Exercise instructions »
Your answer is to be every line of the material that includes the string "Require".

Source data »

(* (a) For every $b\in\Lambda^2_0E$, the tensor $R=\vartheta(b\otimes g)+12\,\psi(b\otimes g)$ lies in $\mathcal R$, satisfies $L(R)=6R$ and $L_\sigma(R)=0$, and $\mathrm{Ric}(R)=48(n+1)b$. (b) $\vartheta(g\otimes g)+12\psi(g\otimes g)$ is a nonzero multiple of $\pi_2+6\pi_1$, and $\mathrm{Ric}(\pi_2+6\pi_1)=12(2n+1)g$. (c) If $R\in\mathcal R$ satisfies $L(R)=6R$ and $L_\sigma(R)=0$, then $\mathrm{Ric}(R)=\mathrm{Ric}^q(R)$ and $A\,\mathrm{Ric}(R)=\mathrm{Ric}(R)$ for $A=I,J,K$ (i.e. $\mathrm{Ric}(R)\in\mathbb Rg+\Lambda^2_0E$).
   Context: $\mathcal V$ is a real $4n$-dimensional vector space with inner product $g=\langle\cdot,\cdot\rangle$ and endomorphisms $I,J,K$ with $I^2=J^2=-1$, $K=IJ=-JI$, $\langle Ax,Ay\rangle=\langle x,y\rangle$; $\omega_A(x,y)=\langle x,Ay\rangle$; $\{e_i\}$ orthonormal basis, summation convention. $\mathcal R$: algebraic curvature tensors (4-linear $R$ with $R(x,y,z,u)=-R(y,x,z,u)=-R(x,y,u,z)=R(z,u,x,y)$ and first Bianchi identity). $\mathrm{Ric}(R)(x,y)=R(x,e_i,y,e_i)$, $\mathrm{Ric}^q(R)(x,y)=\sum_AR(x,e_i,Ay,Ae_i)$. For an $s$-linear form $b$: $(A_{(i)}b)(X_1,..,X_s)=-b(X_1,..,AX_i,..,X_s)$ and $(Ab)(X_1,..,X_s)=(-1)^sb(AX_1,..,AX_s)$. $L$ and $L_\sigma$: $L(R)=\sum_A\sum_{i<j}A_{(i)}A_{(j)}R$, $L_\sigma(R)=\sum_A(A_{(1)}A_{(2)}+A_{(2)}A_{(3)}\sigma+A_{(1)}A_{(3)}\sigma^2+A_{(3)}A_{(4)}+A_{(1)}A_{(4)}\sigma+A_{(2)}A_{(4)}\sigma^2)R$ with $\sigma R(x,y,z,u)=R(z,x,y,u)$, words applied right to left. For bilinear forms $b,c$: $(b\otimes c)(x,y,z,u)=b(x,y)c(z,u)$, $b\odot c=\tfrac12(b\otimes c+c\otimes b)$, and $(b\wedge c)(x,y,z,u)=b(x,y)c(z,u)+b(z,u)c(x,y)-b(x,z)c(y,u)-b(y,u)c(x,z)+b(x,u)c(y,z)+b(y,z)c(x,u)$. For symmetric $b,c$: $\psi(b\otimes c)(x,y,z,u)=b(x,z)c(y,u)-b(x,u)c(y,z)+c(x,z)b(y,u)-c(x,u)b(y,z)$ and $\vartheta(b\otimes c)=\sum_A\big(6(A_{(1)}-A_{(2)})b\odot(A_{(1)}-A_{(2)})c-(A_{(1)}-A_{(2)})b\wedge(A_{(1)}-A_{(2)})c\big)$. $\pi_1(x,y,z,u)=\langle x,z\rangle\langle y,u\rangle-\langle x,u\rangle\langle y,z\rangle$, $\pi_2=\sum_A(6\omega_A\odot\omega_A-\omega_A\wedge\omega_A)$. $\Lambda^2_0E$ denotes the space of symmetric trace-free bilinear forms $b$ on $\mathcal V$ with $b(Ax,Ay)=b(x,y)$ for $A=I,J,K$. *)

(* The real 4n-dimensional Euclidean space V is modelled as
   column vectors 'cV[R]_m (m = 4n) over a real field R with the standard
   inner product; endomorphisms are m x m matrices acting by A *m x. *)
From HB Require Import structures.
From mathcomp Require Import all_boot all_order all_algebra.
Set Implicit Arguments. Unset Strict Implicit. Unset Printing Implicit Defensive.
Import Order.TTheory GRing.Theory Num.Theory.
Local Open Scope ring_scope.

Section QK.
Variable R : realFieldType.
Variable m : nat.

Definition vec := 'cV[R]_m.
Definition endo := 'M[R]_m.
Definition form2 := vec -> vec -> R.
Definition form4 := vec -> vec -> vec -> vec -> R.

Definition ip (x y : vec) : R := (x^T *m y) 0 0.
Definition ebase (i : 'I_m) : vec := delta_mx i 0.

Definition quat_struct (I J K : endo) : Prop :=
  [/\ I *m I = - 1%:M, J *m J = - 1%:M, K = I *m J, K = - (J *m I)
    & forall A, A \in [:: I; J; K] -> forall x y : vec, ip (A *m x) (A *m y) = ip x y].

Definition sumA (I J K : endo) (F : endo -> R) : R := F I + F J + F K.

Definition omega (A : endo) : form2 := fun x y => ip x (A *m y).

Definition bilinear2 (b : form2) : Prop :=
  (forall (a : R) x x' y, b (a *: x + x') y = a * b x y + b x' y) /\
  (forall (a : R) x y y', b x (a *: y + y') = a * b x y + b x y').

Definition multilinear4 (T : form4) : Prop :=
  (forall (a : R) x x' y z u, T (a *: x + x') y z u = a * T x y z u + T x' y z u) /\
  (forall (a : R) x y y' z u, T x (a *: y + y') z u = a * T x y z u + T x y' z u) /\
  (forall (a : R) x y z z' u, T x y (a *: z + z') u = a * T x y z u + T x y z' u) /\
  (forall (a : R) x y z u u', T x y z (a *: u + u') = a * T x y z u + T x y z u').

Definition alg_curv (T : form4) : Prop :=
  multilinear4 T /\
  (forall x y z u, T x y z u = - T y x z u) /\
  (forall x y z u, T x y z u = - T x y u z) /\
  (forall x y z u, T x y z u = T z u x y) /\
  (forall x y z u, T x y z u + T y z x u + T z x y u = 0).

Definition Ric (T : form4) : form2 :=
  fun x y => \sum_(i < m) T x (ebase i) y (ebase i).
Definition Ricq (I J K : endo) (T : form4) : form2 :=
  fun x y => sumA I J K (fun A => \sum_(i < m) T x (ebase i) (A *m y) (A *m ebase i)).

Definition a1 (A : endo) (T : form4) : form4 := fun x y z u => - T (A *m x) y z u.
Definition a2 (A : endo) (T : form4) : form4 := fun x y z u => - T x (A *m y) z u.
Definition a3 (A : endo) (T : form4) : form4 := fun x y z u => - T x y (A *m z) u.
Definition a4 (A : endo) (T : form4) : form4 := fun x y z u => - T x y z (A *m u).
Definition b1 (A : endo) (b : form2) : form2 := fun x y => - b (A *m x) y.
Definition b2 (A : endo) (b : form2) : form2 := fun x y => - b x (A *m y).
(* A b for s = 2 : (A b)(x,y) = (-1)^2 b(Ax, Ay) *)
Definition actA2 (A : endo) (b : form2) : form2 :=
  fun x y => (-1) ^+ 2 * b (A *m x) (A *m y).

Solution below »
From HB Require Import structures.
From mathcomp Require Import all_boot all_order all_algebra.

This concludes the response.